◆ Exercise brief: From the entries below, return only the lines starting at the one that contains "admissible u v (Ctop_closure u v C)." and ending at the one that contains "apply: go_base; exists", exactly as they stand.

◆ Input data:
(* Let $(X,u)$ be a regular Čech closure space and $(Y,v)$ an arbitrary Čech closure space, and let $Y^X$ be the set of all continuous maps $(X,u)\to(Y,v)$. For every interior cover $\mathcal C$ of $X$, the $\mathcal C$-topology on $Y^X$ is admissible.
   Context: A Čech closure space $(X,u)$ is a set $X$ with an operator $u:\mathcal P(X)\to\mathcal P(X)$ satisfying $u(\emptyset)=\emptyset$, $A\subset u(A)$, and $u(A\cup B)=u(A)\cup u(B)$. The interior is $\mathrm{int}_u A=X\setminus u(X\setminus A)$; $U$ is a neighbourhood of a point $x$ (of a set $A$) if $x\in\mathrm{int}_uU$ ($A\subset\mathrm{int}_uU$). $(X,u)$ is regular if for each $x\in X$ and $A\subset X$ with $x\notin u(A)$ there are disjoint neighbourhoods of $x$ and of $A$. A map $f:(X,u)\to(Y,v)$ is continuous if $f(u(A))\subset v(f(A))$ for all $A$. An interior cover of $X$ is a family $\mathcal C$ of subsets of $X$ such that $\{\mathrm{int}_uC: C\in\mathcal C\}$ covers $X$. Let $\mathcal V=\{V\subset Y:\mathrm{int}_vV\ne\emptyset\}$ and for $A\subset X$, $V\subset Y$ let $(A,V)=\{f\in Y^X: f(A)\subset V\}$. The $\mathcal C$-topology is the topology on $Y^X$ generated by the subbase $\{(u(K),V): V\in\mathcal V,\ K\subset X \text{ with } u(K)\subset C \text{ for some } C\in\mathcal C\}$. The product $(Z,w)\times(X,u)$ is $Z\times X$ with the closure operator for which the sets $W\times U$ ($W$ a neighbourhood of $z$, $U$ of $x$) form a neighbourhood base at $(z,x)$; for $g:Z\times X\to Y$, $g^*(z)(x)=g(z,x)$. A topology on $Y^X$ (regarded as its Kuratowski closure operator $\sigma$) is admissible if for every closure space $(Z,w)$ and every $g:Z\times X\to Y$ with $g^*(Z)\subset Y^X$, continuity of $g^*:(Z,w)\to(Y^X,\sigma)$ implies continuity of $g:(Z,w)\times(X,u)\to(Y,v)$. *)

From mathcomp Require Import all_boot.
From mathcomp Require Export classical_sets boolp.



Unset Printing Implicit Defensive.

Local Open Scope classical_set_scope.

Definition is_closure {X : Type} (u : set X -> set X) : Prop :=
  [/\ u set0 = set0,
      (forall A, A `<=` u A) &
      (forall A B, u (A `|` B) = u A `|` u B)].

Definition cint {X : Type} (u : set X -> set X) (A : set X) : set X :=
  ~` u (~` A).

Definition cnbhd {X : Type} (u : set X -> set X) (x : X) (U : set X) : Prop :=
  cint u U x.
Definition cnbhd_set {X : Type} (u : set X -> set X) (A U : set X) : Prop :=
  A `<=` cint u U.

Definition cregular {X : Type} (u : set X -> set X) : Prop :=
  forall (x : X) (A : set X), ~ u A x ->
    exists U V, [/\ cnbhd u x U, cnbhd_set u A V & U `&` V = set0].

Definition ccontinuous {X Y : Type} (u : set X -> set X) (v : set Y -> set Y)
  (f : X -> Y) : Prop :=
  forall A : set X, f @` (u A) `<=` v (f @` A).

Definition interior_cover {X : Type} (u : set X -> set X) (C : set (set X)) : Prop :=
  forall x : X, exists2 c, C c & cint u c x.

(** product closure: W × U (W nbhd of z, U nbhd of x) form a nbhd base at (z,x) *)
Definition prod_closure {Z X : Type} (w : set Z -> set Z) (u : set X -> set X)
  (S : set (Z * X)) : set (Z * X) :=
  [set p | forall W U, cnbhd w p.1 W -> cnbhd u p.2 U ->
             exists q, [/\ S q, W q.1 & U q.2]].

Inductive gen_open {T : Type} (B : set (set T)) : set T -> Prop :=
  | go_base b : B b -> gen_open B b
  | go_setT : gen_open B setT
  | go_setI a b : gen_open B a -> gen_open B b -> gen_open B (a `&` b)
  | go_bigcup (F : set (set T)) :
      (forall a, F a -> gen_open B a) -> gen_open B (\bigcup_(a in F) a).

Definition kclosure {T : Type} (B : set (set T)) (A : set T) : set T :=
  [set t | forall O, gen_open B O -> O t -> exists2 s, O s & A s].

Definition cmaps {X Y : Type} (u : set X -> set X) (v : set Y -> set Y) :=
  {f : X -> Y | ccontinuous u v f}.

Definition cobox {X Y : Type} {u : set X -> set X} {v : set Y -> set Y}
  (A : set X) (V : set Y) : set (cmaps u v) :=
  [set f | (sval f) @` A `<=` V].

Definition Ctop_subbase {X Y : Type} (u : set X -> set X) (v : set Y -> set Y)
  (C : set (set X)) : set (set (cmaps u v)) :=
  [set S | exists K V, [/\ cint v V !=set0,
                          (exists2 c, C c & u K `<=` c) &
                          S = @cobox X Y u v (u K) V]].

Definition Ctop_closure {X Y : Type} (u : set X -> set X) (v : set Y -> set Y)
  (C : set (set X)) : set (cmaps u v) -> set (cmaps u v) :=
  kclosure (Ctop_subbase u v C).

Definition admissible {X Y : Type} (u : set X -> set X) (v : set Y -> set Y)
  (sigma : set (cmaps u v) -> set (cmaps u v)) : Prop :=
  forall (Z : Type) (w : set Z -> set Z), is_closure w ->
  forall (g : Z * X -> Y) (hg : forall z, ccontinuous u v (fun x => g (z, x))),
    ccontinuous w sigma (fun z => exist _ (fun x => g (z, x)) (hg z) : cmaps u v) ->
    ccontinuous (prod_closure w u) v g.

From mathcomp Require Import all_boot classical_sets boolp.

(* Suppose (z, x) lies in the product closure of S but g (z, x) does not lie
   in v B, B := g(S).  Continuity of g(z, -) puts x outside the closure of
   A := {x' | g (z, x') \in B}, and regularity together with the interior
   cover yields a neighbourhood U of x such that u U lies in some c \in C and
   misses A.  Then the subbasic set O = (u U, ~ B) contains g*(z), so by
   continuity of g* the points z' with g*(z') \in O form a neighbourhood of z.
   The product neighbourhood it spans with U meets S at some q, and then
   g q \in B \cap g*(q.1)(u U), which contradicts g*(q.1) \in O. *)

Local Open Scope classical_set_scope.

Section ClosureOperator.
Context {X : Type} {u : set X -> set X} (hu : is_closure u).

Lemma closure_sub A : A `<=` u A.
Proof. by case: hu. Qed.

Lemma closureU A B : u (A `|` B) = u A `|` u B.
Proof. by case: hu. Qed.

Lemma closure_mono : {homo u : A B / A `<=` B}.
Proof. by move=> A B /setUidr <-; rewrite closureU => t ut; left. Qed.

Lemma cintC A : cint u (~` A) = ~` u A.
Proof. by rewrite /cint setCK. Qed.

Lemma cregular_nbhd_closure_disjoint {x : X} {A : set X} :
  cregular u -> ~ u A x -> exists2 U, cnbhd u x U & u U `<=` ~` A.
Proof.
move=> hreg /hreg [U [V [Ux AV /disjoints_subset UV]]]; exists U => // t tU At.
exact: AV t At (closure_mono _ _ UV _ tU).
Qed.

Lemma interior_cover_regular_nbhd {C : set (set X)} {x : X} {A : set X} :
  interior_cover u C -> cregular u -> ~ u A x ->
  exists U c, [/\ C c, cnbhd u x U, u U `<=` c & u U `<=` ~` A].
Proof.
move=> hC hreg nAx; have [c Cc cx] := hC x.
have nAcx : ~ u (A `|` ~` c) x by rewrite closureU => -[]; [exact: nAx | exact: cx].
have [U Ux UAc] := cregular_nbhd_closure_disjoint hreg nAcx.
by exists U, c; split=> // t /UAc; rewrite setCU => -[nAt /contrapT].
Qed.

End ClosureOperator.

Lemma ccontinuous_closure_preimage {X Y : Type} {u : set X -> set X}
    {v : set Y -> set Y} {f : X -> Y} {B : set Y} :
  {homo v : A A' / A `<=` A'} -> ccontinuous u v f ->
  u (f @^-1` B) `<=` f @^-1` v B.
Proof.
move=> v_mono hf x ux; apply: (v_mono _ _ (@image_preimage_subset _ _ f B)).
exact: hf.
Qed.

Lemma kclosure_mono {T : Type} (B : set (set T)) :
  {homo kclosure B : A A' / A `<=` A'}.
Proof.
move=> A A' AA' t clA O oO Ot; have [s Os As] := clA O oO Ot.
by exists s => //; exact: AA'.
Qed.

Lemma kclosure_setC_open {T : Type} {B : set (set T)} {O : set T} :
  gen_open B O -> kclosure B (~` O) `<=` ~` O.
Proof. by move=> oO t /(_ O oO) cl Ot; have [s] := cl Ot. Qed.

Theorem theorem9 (X Y : Type) (u : set X -> set X) (v : set Y -> set Y)
  (hu : is_closure u) (hreg : cregular u) (hv : is_closure v)
  (C : set (set X)) (hC : interior_cover u C) :
  admissible u v (Ctop_closure u v C).
Proof.
move=> Z w _ g hg hcont S _ [[z x] zxS <-]; apply: contrapT => nBzx.
set B := g @` S.
set gs := fun z => exist _ (fun x => g (z, x)) (hg z) : cmaps u v.
have nAx : ~ u ((fun x' => g (z, x')) @^-1` B) x.
  by move=> /(ccontinuous_closure_preimage (closure_mono hv) (hg z)).
have [U [c [Cc Ux UUc UUA]]] := interior_cover_regular_nbhd hu hC hreg nAx.
set O := @cobox X Y u v (u U) (~` B).
have oO : gen_open (Ctop_subbase u v C) O.
  apply: go_base; exists U, (~` B); split=> //; first by exists (g (z, x)); rewrite cintC.
  by exists c.
have Ogs_z : O (gs z) by move=> _ [t /UUA At <-].
have Wz : cnbhd w z (~` (gs @^-1` ~` O)).
  rewrite /cnbhd cintC.
  move=> /(ccontinuous_closure_preimage (kclosure_mono _) hcont).
  by move=> /(kclosure_setC_open oO)/(_ Ogs_z).
have [[z' x'] [Sq Oz' Ux']] := zxS _ U Wz Ux.
have gUx' : (fun x => g (z', x)) @` u U `<=` ~` B := contrapT Oz'.
apply: (gUx' (g (z', x'))); last by exists (z', x').
by exists x'; first exact: closure_sub hu U _ Ux'.
Qed.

◆ Solved exercise:
  admissible u v (Ctop_closure u v C).
Proof.
move=> Z w _ g hg hcont S _ [[z x] zxS <-]; apply: contrapT => nBzx.
set B := g @` S.
set gs := fun z => exist _ (fun x => g (z, x)) (hg z) : cmaps u v.
have nAx : ~ u ((fun x' => g (z, x')) @^-1` B) x.
  by move=> /(ccontinuous_closure_preimage (closure_mono hv) (hg z)).
have [U [c [Cc Ux UUc UUA]]] := interior_cover_regular_nbhd hu hC hreg nAx.
set O := @cobox X Y u v (u U) (~` B).
have oO : gen_open (Ctop_subbase u v C) O.
  apply: go_base; exists U, (~` B); split=> //; first by exists (g (z, x)); rewrite cintC.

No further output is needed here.